Lemma card_small_subsets_le (T : finType) (V : {set T}) d (F : {set {set T}}) :
  (forall S, S \in F -> S \subset V /\ (#|S| <= d)%N) -> (#|F| <= #|V|.+1 ^ d)%N.
Proof.
move=> F_small.
(* Each S in F is the set of entries of a d-tuple over option T listing its elements
   and padded with None. *)
pose Vo : {set option T} := None |: (Some @: V).
pose elems (t : {ffun 'I_d -> option T}) := [set x | [exists j, t j == Some x]].
have card_Vo : #|Vo| = #|V|.+1.
  rewrite cardsU1 card_imset; last exact: Some_inj.
  suff -> : None \notin Some @: V by [].
  by apply/imsetP => -[].
have F_sub : F \subset elems @: ffun_on Vo.
  apply/subsetP => S /F_small [SV Sd].
  pose s := [seq Some x | x <- enum S].
  have size_s : size s = #|S| by rewrite size_map cardE.
  apply/imsetP; exists [ffun j : 'I_d => nth None s j].
    apply/ffun_onP => j; rewrite ffunE !inE.
    have [j_lt | j_ge] := ltnP j (size s); last by rewrite nth_default.
    have /mapP [x xS ->] := mem_nth None j_lt.
    by rewrite (imset_f Some (subsetP SV x _)) ?orbT // -mem_enum.
  apply/setP => x; rewrite inE; apply/idP/existsP => [xS | [j]].
    have xs : Some x \in s by apply: map_f; rewrite mem_enum.
    have j_lt : (index (Some x) s < d)%N by rewrite (leq_trans _ Sd) // -size_s index_mem.
    by exists (Ordinal j_lt); rewrite ffunE nth_index.
  rewrite ffunE; have [j_lt | j_ge] := ltnP j (size s); last by rewrite nth_default.
  by move/eqP=> sj; have := mem_nth None j_lt; rewrite sj (mem_map Some_inj) mem_enum.
rewrite (leq_trans (subset_leq_card F_sub)) // (leq_trans (leq_imset_card _ _)) //.
by rewrite card_ffun_on card_Vo card_ord.
Qed.

Lemma card_set_ord n : #|{: {set 'I_n}}| = (2 ^ n)%N.
Proof. by rewrite -cardsT -powersetT card_powerset cardsT card_ord. Qed.

Section Walsh.
Variables (R : numDomainType) (n : nat).
Implicit Types S T X Y : {set 'I_n}.

Definition walsh S X : R := \prod_i (if (i \in S) && (i \in X) then -1 else 1).

Lemma walshC S X : walsh S X = walsh X S.
Proof. by apply: eq_bigr => i _; rewrite andbC. Qed.

Lemma walshM S T X : walsh S X * walsh T X = walsh (symdiff S T) X.
Proof.
rewrite -big_split; apply: eq_bigr => i _ /=; rewrite in_symdiff.
by case: (i \in S); case: (i \in T); case: (i \in X); rewrite /= ?(mulr1, mul1r, mulrNN).
Qed.

Lemma walshMr S X Y : walsh S X * walsh S Y = walsh S (symdiff X Y).
Proof. by rewrite ![walsh S _]walshC walshM. Qed.

Lemma walsh0 X : walsh set0 X = 1.
Proof. by rewrite /walsh big1 // => i _; rewrite inE. Qed.

Lemma walsh_set1 S j : walsh S [set j] = if j \in S then -1 else 1.
Proof.
rewrite /walsh (bigD1 j) //= set11 andbT big1 ?mulr1 // => i /negPf ij.
by rewrite inE ij andbF.
Qed.

Lemma sum_walsh S : \sum_X walsh S X = if S == set0 then (2 ^ n)%:R else 0.
Proof.
have [-> | /set0Pn [j jS] /=] := eqVneq S set0.
  by under eq_bigr do rewrite walsh0; rewrite sumr_const card_set_ord.
apply: (sum_eq0_antiinvolution (s := fun X => symdiff X [set j])) => // [X | X _].
  exact: symdiffKr.
by rewrite -walshMr walsh_set1 jS mulrN1.
Qed.

Lemma parseval (b : {set 'I_n} -> R) :
  \sum_X (\sum_S b S * walsh S X) ^+ 2 = (2 ^ n)%:R * \sum_S b S ^+ 2.
Proof.
transitivity (\sum_X \sum_S \sum_T b S * b T * walsh (symdiff S T) X).
  apply: eq_bigr => X _; rewrite expr2 mulr_suml; apply: eq_bigr => S _.
  by rewrite mulr_sumr; apply: eq_bigr => T _; rewrite -walshM; ring.
rewrite exchange_big mulr_sumr; apply: eq_bigr => S _ /=.
rewrite exchange_big (bigD1 S) //= [X in _ + X]big1 => [|T /negPf TS].
  by rewrite -mulr_sumr sum_walsh symdiff_eq0 eqxx addr0; ring.
by rewrite -mulr_sumr sum_walsh symdiff_eq0 eq_sym TS mulr0.
Qed.

End Walsh.

Section LowDegree.
Variables (R : numDomainType) (n : nat).
Implicit Types (S T X : {set 'I_n}) (g h : {set 'I_n} -> R).

Definition low_degree D g :=
  exists2 a : {set 'I_n} -> R, (forall S, (D < #|S|)%N -> a S = 0)
    & g =1 fun X => \sum_S a S * walsh R S X.

Lemma eq_low_degree D g h : low_degree D g -> g =1 h -> low_degree D h.
Proof. by move=> [a a_deg ga] gh; exists a => // X; rewrite -gh. Qed.

Lemma low_degreeW D D' g : (D <= D')%N -> low_degree D g -> low_degree D' g.
Proof.
by move=> DD' [a a_deg ga]; exists a => // S /(leq_ltn_trans DD'); apply: a_deg.
Qed.

Lemma low_degree_walsh T : low_degree #|T| (walsh R T).
Proof.
exists (fun S => (S == T)%:R) => [S | X]; first by case: eqP => // ->; rewrite ltnn.
by rewrite (bigD1 T) //= eqxx mul1r big1 ?addr0 // => S /negPf ->; rewrite mul0r.
Qed.

Lemma low_degree_cst D (c : R) : low_degree D (fun _ => c).
Proof.
exists (fun S => c * (S == set0)%:R) => [S | X].
  by case: eqP => [-> | _]; rewrite ?cards0 ?mulr0.
rewrite (bigD1 set0) //= eqxx walsh0 !mulr1 big1 ?addr0 // => S /negPf ->.
by rewrite !mulr0 mul0r.
Qed.

Lemma low_degreeZ D (c : R) g : low_degree D g -> low_degree D (fun X => c * g X).
Proof.
move=> [a a_deg ga]; exists (fun S => c * a S) => [S /a_deg -> | X]; first exact: mulr0.
by rewrite ga mulr_sumr; apply: eq_bigr => S _; rewrite mulrA.
Qed.

Lemma low_degreeD D g h :
  low_degree D g -> low_degree D h -> low_degree D (fun X => g X + h X).
Proof.
move=> [a a_deg ga] [b b_deg hb]; exists (fun S => a S + b S) => [S SD | X].
  by rewrite a_deg // b_deg // addr0.
by rewrite ga hb -big_split; apply: eq_bigr => S _; rewrite mulrDl.
Qed.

ABOUT THIS EXERCISE:
Everything in the data above should be set down again precisely.

WORKED SOLUTION:
Lemma card_small_subsets_le (T : finType) (V : {set T}) d (F : {set {set T}}) :
  (forall S, S \in F -> S \subset V /\ (#|S| <= d)%N) -> (#|F| <= #|V|.+1 ^ d)%N.
Proof.
move=> F_small.
(* Each S in F is the set of entries of a d-tuple over option T listing its elements
   and padded with None. *)
pose Vo : {set option T} := None |: (Some @: V).
pose elems (t : {ffun 'I_d -> option T}) := [set x | [exists j, t j == Some x]].
have card_Vo : #|Vo| = #|V|.+1.
  rewrite cardsU1 card_imset; last exact: Some_inj.
  suff -> : None \notin Some @: V by [].
  by apply/imsetP => -[].
have F_sub : F \subset elems @: ffun_on Vo.
  apply/subsetP => S /F_small [SV Sd].
  pose s := [seq Some x | x <- enum S].
  have size_s : size s = #|S| by rewrite size_map cardE.
  apply/imsetP; exists [ffun j : 'I_d => nth None s j].
    apply/ffun_onP => j; rewrite ffunE !inE.
    have [j_lt | j_ge] := ltnP j (size s); last by rewrite nth_default.
    have /mapP [x xS ->] := mem_nth None j_lt.
    by rewrite (imset_f Some (subsetP SV x _)) ?orbT // -mem_enum.
  apply/setP => x; rewrite inE; apply/idP/existsP => [xS | [j]].
    have xs : Some x \in s by apply: map_f; rewrite mem_enum.
    have j_lt : (index (Some x) s < d)%N by rewrite (leq_trans _ Sd) // -size_s index_mem.
    by exists (Ordinal j_lt); rewrite ffunE nth_index.
  rewrite ffunE; have [j_lt | j_ge] := ltnP j (size s); last by rewrite nth_default.
  by move/eqP=> sj; have := mem_nth None j_lt; rewrite sj (mem_map Some_inj) mem_enum.
rewrite (leq_trans (subset_leq_card F_sub)) // (leq_trans (leq_imset_card _ _)) //.
by rewrite card_ffun_on card_Vo card_ord.
Qed.

Lemma card_set_ord n : #|{: {set 'I_n}}| = (2 ^ n)%N.
Proof. by rewrite -cardsT -powersetT card_powerset cardsT card_ord. Qed.

Section Walsh.
Variables (R : numDomainType) (n : nat).
Implicit Types S T X Y : {set 'I_n}.

Definition walsh S X : R := \prod_i (if (i \in S) && (i \in X) then -1 else 1).

Lemma walshC S X : walsh S X = walsh X S.
Proof. by apply: eq_bigr => i _; rewrite andbC. Qed.

Lemma walshM S T X : walsh S X * walsh T X = walsh (symdiff S T) X.
Proof.
rewrite -big_split; apply: eq_bigr => i _ /=; rewrite in_symdiff.
by case: (i \in S); case: (i \in T); case: (i \in X); rewrite /= ?(mulr1, mul1r, mulrNN).
Qed.

Lemma walshMr S X Y : walsh S X * walsh S Y = walsh S (symdiff X Y).
Proof. by rewrite ![walsh S _]walshC walshM. Qed.

Lemma walsh0 X : walsh set0 X = 1.
Proof. by rewrite /walsh big1 // => i _; rewrite inE. Qed.

Lemma walsh_set1 S j : walsh S [set j] = if j \in S then -1 else 1.
Proof.
rewrite /walsh (bigD1 j) //= set11 andbT big1 ?mulr1 // => i /negPf ij.
by rewrite inE ij andbF.
Qed.

Lemma sum_walsh S : \sum_X walsh S X = if S == set0 then (2 ^ n)%:R else 0.
Proof.
have [-> | /set0Pn [j jS] /=] := eqVneq S set0.
  by under eq_bigr do rewrite walsh0; rewrite sumr_const card_set_ord.
apply: (sum_eq0_antiinvolution (s := fun X => symdiff X [set j])) => // [X | X _].
  exact: symdiffKr.
by rewrite -walshMr walsh_set1 jS mulrN1.
Qed.

Lemma parseval (b : {set 'I_n} -> R) :
  \sum_X (\sum_S b S * walsh S X) ^+ 2 = (2 ^ n)%:R * \sum_S b S ^+ 2.
Proof.
transitivity (\sum_X \sum_S \sum_T b S * b T * walsh (symdiff S T) X).
  apply: eq_bigr => X _; rewrite expr2 mulr_suml; apply: eq_bigr => S _.
  by rewrite mulr_sumr; apply: eq_bigr => T _; rewrite -walshM; ring.
rewrite exchange_big mulr_sumr; apply: eq_bigr => S _ /=.
rewrite exchange_big (bigD1 S) //= [X in _ + X]big1 => [|T /negPf TS].
  by rewrite -mulr_sumr sum_walsh symdiff_eq0 eqxx addr0; ring.
by rewrite -mulr_sumr sum_walsh symdiff_eq0 eq_sym TS mulr0.
Qed.

End Walsh.

Section LowDegree.
Variables (R : numDomainType) (n : nat).
Implicit Types (S T X : {set 'I_n}) (g h : {set 'I_n} -> R).

Definition low_degree D g :=
  exists2 a : {set 'I_n} -> R, (forall S, (D < #|S|)%N -> a S = 0)
    & g =1 fun X => \sum_S a S * walsh R S X.

Lemma eq_low_degree D g h : low_degree D g -> g =1 h -> low_degree D h.
Proof. by move=> [a a_deg ga] gh; exists a => // X; rewrite -gh. Qed.

Lemma low_degreeW D D' g : (D <= D')%N -> low_degree D g -> low_degree D' g.
Proof.
by move=> DD' [a a_deg ga]; exists a => // S /(leq_ltn_trans DD'); apply: a_deg.
Qed.

Lemma low_degree_walsh T : low_degree #|T| (walsh R T).
Proof.
exists (fun S => (S == T)%:R) => [S | X]; first by case: eqP => // ->; rewrite ltnn.
by rewrite (bigD1 T) //= eqxx mul1r big1 ?addr0 // => S /negPf ->; rewrite mul0r.
Qed.

Lemma low_degree_cst D (c : R) : low_degree D (fun _ => c).
Proof.
exists (fun S => c * (S == set0)%:R) => [S | X].
  by case: eqP => [-> | _]; rewrite ?cards0 ?mulr0.
rewrite (bigD1 set0) //= eqxx walsh0 !mulr1 big1 ?addr0 // => S /negPf ->.
by rewrite !mulr0 mul0r.
Qed.

Lemma low_degreeZ D (c : R) g : low_degree D g -> low_degree D (fun X => c * g X).
Proof.
move=> [a a_deg ga]; exists (fun S => c * a S) => [S /a_deg -> | X]; first exact: mulr0.
by rewrite ga mulr_sumr; apply: eq_bigr => S _; rewrite mulrA.
Qed.

Lemma low_degreeD D g h :
  low_degree D g -> low_degree D h -> low_degree D (fun X => g X + h X).
Proof.
move=> [a a_deg ga] [b b_deg hb]; exists (fun S => a S + b S) => [S SD | X].
  by rewrite a_deg // b_deg // addr0.
by rewrite ga hb -big_split; apply: eq_bigr => S _; rewrite mulrDl.
Qed.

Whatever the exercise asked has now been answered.